+++ RECORDED DATA +++

(* Let $\mathcal C\subset\mathbb R^n$ be compact with non-empty interior, boundary of Lebesgue measure zero, and $\mathcal C=-\mathcal C$. Put $\mathcal C^+=\mathcal C\cap\{y_n>0\}$, $\mathcal W=\mathrm{pr}(\mathcal C^+)$, $\widetilde{\mathcal C}^+=\{(\delta v',v'',v_n):(v',v'',v_n)\in\mathcal C^+,\ 0\le\delta\le1\}$ and $\widetilde{\mathcal A}_t=\widetilde{\mathcal C}^+\,\mathrm{diag}(e^{-nt}1_k,1_m,1)$ for $t\in\mathbb R$. Then for every $x\in\mathcal X$ for which $\xi_1(x,1)$ exists (i.e. the hitting-time multiset for $\mathcal W$ at $L=1$ is nonempty), $$\lim_{t\to\infty}r_1(x,\mathcal H(\widetilde{\mathcal A}_t))=|\xi_1(x,1)|.$$
   Context: Fix integers $k\ge1$, $m\ge0$, $n=k+m+1$; $G=\mathrm{SL}(n,\mathbb R)$, $\Gamma=\mathrm{SL}(n,\mathbb Z)$, $\mathcal X=\Gamma\backslash G$. Row vectors $y=(y',y'',y_n)\in\mathbb R^k\times\mathbb R^m\times\mathbb R$, $G$ acting from the right; $\widehat{\mathbb Z}^n$ is the set of primitive integer vectors. $U(s)=\begin{pmatrix}1_k&0&0\\0&1_m&0\\-s&0&1\end{pmatrix}$ for $s\in\mathbb R^k$ (middle block absent if $m=0$), $h_s(x)=xU(s)$. Fix a norm $|\cdot|$ on $\mathbb R^k$. $\mathrm{pr}:\mathbb R^n\to\mathbb R^{m+1}$, $(y_1,\dots,y_n)\mapsto(y_{k+1},\dots,y_n)$. For Borel $\mathcal C\subset\mathbb R^n$, $\mathcal H(\mathcal C)=\{\Gamma g:\widehat{\mathbb Z}^ng\cap\mathcal C\ne\emptyset\}$; for $E\subset\mathcal X$, $r_1(x,E)=\inf\{|s|:h_s(x)\in E\}$. For $\mathcal W\subset\mathbb R^m\times\mathbb R_{>0}$, $x=\Gamma g$ and $L>0$, the hitting times $\xi_1(x,L),\xi_2(x,L),\dots$ list with multiplicity the multiset $\{v'/v_n: v\in\widehat{\mathbb Z}^ng,\ (v'',v_n)\in L^{-1}\mathcal W\}$ in order of nondecreasing $|\cdot|$ (the times at which $h_s(x)$ meets the section $\Gamma\backslash\Gamma H\{R(w):w\in L^{-1}\mathcal W\}$). *)

From HB Require Import structures.
From mathcomp Require Import all_boot all_order all_algebra.
From mathcomp Require Import all_classical all_reals all_analysis.
Set Implicit Arguments. Unset Strict Implicit. Unset Printing Implicit Defensive.
Import Order.TTheory GRing.Theory Num.Theory.
Import numFieldNormedType.Exports.
Local Open Scope classical_set_scope.
Local Open Scope ring_scope.

(* Coordinates: R^n with n = k + m + 1 is 'rV[R]_((k + m).+1); row vectors,
   matrices act on the right.  Index i < k : the y' block, k <= i < k+m : the
   y'' block, i = k+m (= ord_max) : y_n. *)

Section Defs.
Variable R : realType.
Variables k m : nat.
Notation n := (k + m).+1.
Notation vec := 'rV[R]_n.

Definition vprime (v : vec) : 'rV[R]_k := \row_(i < k) v 0 (inord i).
Definition vmid (v : vec) : 'rV[R]_m := \row_(j < m) v 0 (inord (k + j)).
Definition vlast (v : vec) : R := v 0 ord_max.

Definition pr (v : vec) : 'rV[R]_m * R := (vmid v, vlast v).

Definition scoord (s : 'rV[R]_k) (j : nat) : R :=
  if (insub j : option 'I_k) is Some i then s 0 i else 0.

Definition Umat (s : 'rV[R]_k) : 'M[R]_n :=
  \matrix_(i, j) ((if i == j then 1 else 0)
     - (if (i == ord_max) && (j < k)%N then scoord s j else 0)).

Definition Dmat (t : R) : 'M[R]_n :=
  \matrix_(i, j) (if i == j then (if (i < k)%N then expR (- (n%:R) * t) else 1)
                  else 0).

Definition scale_first (delta : R) (v : vec) : vec :=
  \row_(j < n) (if (j < k)%N then delta * v 0 j else v 0 j).

Definition is_norm (N : 'rV[R]_k -> R) : Prop :=
  (forall s, 0 <= N s) /\ (forall s, N s = 0 -> s = 0) /\
  (forall (a : R) s, N (a *: s) = `|a| * N s) /\
  (forall s t, N (s + t) <= N s + N t).

Definition box (a b : vec) : set vec :=
  [set y | forall i, a 0 i <= y 0 i <= b 0 i].
Definition box_vol (a b : vec) : R := \prod_(i < n) (b 0 i - a 0 i).
Definition leb_null (S : set vec) : Prop :=
  forall eps : R, 0 < eps -> exists ab : nat -> vec * vec,
    (forall j i, (ab j).1 0 i <= (ab j).2 0 i) /\
    S `<=` \bigcup_j box (ab j).1 (ab j).2 /\
    (forall N : nat, \sum_(j < N) box_vol (ab j).1 (ab j).2 <= eps).

Definition boundary (S : set vec) : set vec := closure S `\` interior S.

Definition primitive (p : 'rV[int]_n) : Prop :=
  p != 0 /\ forall d : int, (forall i, (d %| p ord0 i)%Z) -> d = 1 \/ d = -1.

Definition intvec (p : 'rV[int]_n) : vec := map_mx (fun z : int => z%:~R) p.

(* H(C) viewed on representatives g of x = Gamma g:
   \hat Z^n g meets C *)
Definition Hset (C : set vec) (g : 'M[R]_n) : Prop :=
  exists p, primitive p /\ C (intvec p *m g).

(* r_1(Gamma g, H(C)) = inf { |s| : h_s(Gamma g) in H(C) }, in \bar R
   (inf of the empty set is +oo) *)
Definition r1 (N : 'rV[R]_k -> R) (g : 'M[R]_n) (C : set vec) : \bar R :=
  ereal_inf [set (N s)%:E | s in [set s | Hset C (g *m Umat s)]].

Definition Cplus (C : set vec) : set vec := [set v | C v /\ 0 < vlast v].
Definition Wset (C : set vec) : set ('rV[R]_m * R) := pr @` Cplus C.
Definition Ctilde (C : set vec) : set vec :=
  [set w | exists v delta, Cplus C v /\ 0 <= delta <= 1 /\ w = scale_first delta v].
Definition Atilde (C : set vec) (t : R) : set vec :=
  [set w *m Dmat t | w in Ctilde C].

(* hitting times for W at L = 1:
   { v'/v_n : v in \hat Z^n g, (v'', v_n) in W } (as a set; multiplicity is
   irrelevant for the first hitting time) *)
Definition hits (C : set vec) (g : 'M[R]_n) : set 'rV[R]_k :=
  [set (vlast v)^-1 *: vprime v | v in
     [set v | (exists p, primitive p /\ v = intvec p *m g) /\ Wset C (pr v)]].

Definition first_hit (N : 'rV[R]_k -> R) (C : set vec) (g : 'M[R]_n)
  (xi : 'rV[R]_k) : Prop :=
  hits C g xi /\ forall xi', hits C g xi' -> N xi <= N xi'.

End Defs.

From HB Require Import structures.
From mathcomp Require Import all_boot all_order all_algebra.
From mathcomp Require Import all_classical all_reals all_analysis.
From mathcomp Require Import ring lra.
Set Implicit Arguments. Unset Strict Implicit. Unset Printing Implicit Defensive.
Import Order.TTheory GRing.Theory Num.Theory.
Import numFieldNormedType.Exports.
Local Open Scope classical_set_scope.
Local Open Scope ring_scope.

(* Taking delta = 0 in tilde A_t shows that U(xi_1) moves the point of
   \hat Z^n g realising xi_1 into tilde A_t for every t, so r_1 <= |xi_1|.
   Conversely, if v U(s) lies in tilde A_t then (v'', v_n) = (w'', w_n) for
   some w in C^+ and v' = v_n s + e^{-nt} delta w', so the hitting time v'/v_n
   differs from s by O(e^{-nt} / v_n).  As long as |s| < |xi_1| the points v
   stay in a fixed bounded region, where discreteness of \hat Z^n g bounds v_n
   from below; hence |s| >= |xi_1| - o(1). *)

Section MatrixNorm.
Variable R : realType.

+++

=== YOUR INSTRUCTIONS ===
Please give back, exactly as it stands above, the stretch from the line with "then 1 else 0)" through the line with "forall eps : R, 0", and no line outside it.

=== TASK RESULT ===
  \matrix_(i, j) ((if i == j then 1 else 0)
     - (if (i == ord_max) && (j < k)%N then scoord s j else 0)).

Definition Dmat (t : R) : 'M[R]_n :=
  \matrix_(i, j) (if i == j then (if (i < k)%N then expR (- (n%:R) * t) else 1)
                  else 0).

Definition scale_first (delta : R) (v : vec) : vec :=
  \row_(j < n) (if (j < k)%N then delta * v 0 j else v 0 j).

Definition is_norm (N : 'rV[R]_k -> R) : Prop :=
  (forall s, 0 <= N s) /\ (forall s, N s = 0 -> s = 0) /\
  (forall (a : R) s, N (a *: s) = `|a| * N s) /\
  (forall s t, N (s + t) <= N s + N t).

Definition box (a b : vec) : set vec :=
  [set y | forall i, a 0 i <= y 0 i <= b 0 i].
Definition box_vol (a b : vec) : R := \prod_(i < n) (b 0 i - a 0 i).
Definition leb_null (S : set vec) : Prop :=
  forall eps : R, 0 < eps -> exists ab : nat -> vec * vec,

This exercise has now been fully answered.